Впрочем, Шекспир описывает полет Мавы Оловянной с немного иным прозрением.
ИЗ «РОМЕО И ДЖУЛЬЕТТЫ»
Ромео: Я видел сон.
Меркуцио: Я тоже.
Ромео: Ты — о чем?
Меркуцио: О том, что врут все те, кто занят сном.
Ромео: Но истина при них, покуда спят.
Меркуцио:
Так это ж все от королевы Маб!
Чуть призракам рожать — она уж тут
Как тут: сама величиной с агат
В дешевом перстне — акушерка фей,
В ее упряжке тварей мелкий рой —
Кишат и спящим нагло в ноздри прут…
Ее возок сверчка крылами крыт
В ободьях спицы из паучьих лап
Шлея и вожжи — все паучья ткань
Из лунных струй слезливых свит хомут
На хлыст берется тараканий ус
И крепится к колену саранчи
А кучером — в ливрее серой гнус
В пол-роста гниды, что из-под ногтя
У праздной девы достают иглой
Сам экипаж — изгрызенный орех
Точила белка или дряхлый жук
У этих фей и мастера под стать!
Когда ж несет ее ночной галоп
Сквозь мозг влюбленных — грезят о любви
Вдоль ног придворных — грезят о дарах
По пальцам стряпчих, эти — о делах
У дам меж губ — тем снится поцелуй
А то из мести россыпью прыщей
Карает их разгневанная Маб
Чтоб изо рта не пахло от сластей.
Вон — интригану въехала в ноздрю,
Тот смотрит сон, чего б еще сплести
То сунет в нос духовному лицу
От дани паствы поросячий хвост
А этот видит выгодный приход.
Коль воину вдоль шеи пробежит
Он режет глотки иль крушит зубцы
Он грезит об испанских о клинках
Да чашах по пять ведер. Вдруг трубят
И барабанят в ухо. Он вскочил,
Перекрестился в страхе раз-другой
И снова в сон.
Еще умеет Маб
Запутать гриву конскую да так
Волосья заплести в узлы, что их
Не расплести, беды не накликав.
Вот ведьма! Сядет девице на грудь
И давит, давит: бремя учит несть,
Выносливых воспитывает баб…
Да это ж все она!
Ромео:
Постой, постой,
Меркуцио, — ну, полно о пустом.
Меркуцио: Да, о пустом… Я говорю о снах…
НЕНУЖНЫЕ БУБНЫ
По Шекспиру, призрак или душа человека рождает мысль, вид которой предполагается формой души, беременной этой мыслью, а Мава со своим жуковато-поверхностным бубном лишь помогает при родах. Обогащенный знанием Онг Удержи Ветер вникнул теперь в то положение, будто бы бубном для пробуждаемой мысли может стать все равно какая вещь.

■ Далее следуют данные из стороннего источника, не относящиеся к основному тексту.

(* In the setting of the context, for the functions $S,E,I,R$ defined there, \[ S'(\infty)=E'(\infty)=I'(\infty)=R'(\infty)=0, \] where $f'(\infty):=\lim_{t\to\infty}f'(t)$.
   Context: Let $\beta,\gamma,\delta>0$ be constants and $\tilde S,\tilde E,\tilde I,\tilde R$ real numbers with $N:=\tilde S+\tilde E+\tilde I+\tilde R>0$. Standing assumptions: (A1) $\tilde I>0$; (A2) $\tilde E>(\gamma/\delta)\tilde I$; (A3) $\tilde S>\delta\tilde E/(\beta\tilde I)$; (A4) $\tilde R\ge 0$ and $N>\tilde S e^{(\beta/\gamma)\tilde R}+\tilde R$. Let $\alpha$ be the unique solution in $(\tilde R,N)$ of $x=N-\tilde S e^{(\beta/\gamma)\tilde R}e^{-(\beta/\gamma)x}$, and assume (A5) $\tilde S<(\gamma/\beta)e^{(\beta/\gamma)(\alpha-\tilde R)}$. Put $u_0:=e^{-(\beta/\gamma)\tilde R}$, $u_\infty:=e^{-(\beta/\gamma)\alpha}$. Let $\psi$ be the unique function, continuous and positive on $(u_\infty,u_0]$ and $C^1$ on $(u_\infty,u_0)$, satisfying $\psi'(u)\psi(u)-\frac{\gamma+\delta}{u}\psi(u)=-\delta\,\frac{\beta N-\beta\tilde S e^{(\beta/\gamma)\tilde R}u+\gamma\log u}{u}$ on $(u_\infty,u_0)$ and $\psi(u_0)=\beta\tilde I$. Let $\varphi(u):=\int_u^{u_0}\frac{d\xi}{\xi\psi(\xi)}$; $\varphi$ is a strictly decreasing continuous bijection from $(u_\infty,u_0]$ onto $[0,\infty)$, $C^1$ on $(u_\infty,u_0)$, with inverse $\varphi^{-1}:[0,\infty)\to(u_\infty,u_0]$. For $t\ge 0$ define $S(t)=\tilde S e^{(\beta/\gamma)\tilde R}\varphi^{-1}(t)$, $E(t)=\tilde E e^{-\delta t}+\tilde S e^{(\beta/\gamma)\tilde R}e^{-\delta t}\int_{\varphi^{-1}(t)}^{u_0}e^{\delta\varphi(v)}dv$, $I(t)=N-\tilde S e^{(\beta/\gamma)\tilde R}\varphi^{-1}(t)+\frac{\gamma}{\beta}\log\varphi^{-1}(t)-E(t)$, $R(t)=-\frac{\gamma}{\beta}\log\varphi^{-1}(t)$. *)

From Stdlib Require Import Reals.
From Coquelicot Require Import Coquelicot.
Open Scope R_scope.

Definition cont_on_Ioc (f : R -> R) (a b : R) : Prop :=
  forall u, a < u <= b ->
    forall eps, 0 < eps -> exists del, 0 < del /\
      forall x, a < x <= b -> Rabs (x - u) < del -> Rabs (f x - f u) < eps.

Definition C1_on_Ioo (f : R -> R) (a b : R) : Prop :=
  forall u, a < u < b -> ex_derive f u /\ continuous (Derive f) u.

Философам издревле свойственно привлекать собак для подтверждения своих догадок. Вспомним хотя бы платоновскую собаку, грызущую кость ради заключенного в ней мозга, или собаку гимнософистов, сосущую мозг, чтобы извлечь оттуда кости. Даже самый жалкий мыслитель-логик легко опроверг бы умозаключение Доржиева: «Если с помощью любой вещи можно мыслить любую другую вещь, нельзя ли обойтись вообще без бубна?» Так подумал наш шаман, и его мысль оказалась тем самым бубном, который хотя и мог бы пробудить любую другую мысль, но пробудил именно эту. Логик опроверг бы его на живом примере одной из таких собак. Действительно, «любой» предмет и «никакой» предмет — не одно и то же. У собаки можно отнять ту или иную кость, но попробуйте оставить ее без единой кости. Собака подохнет.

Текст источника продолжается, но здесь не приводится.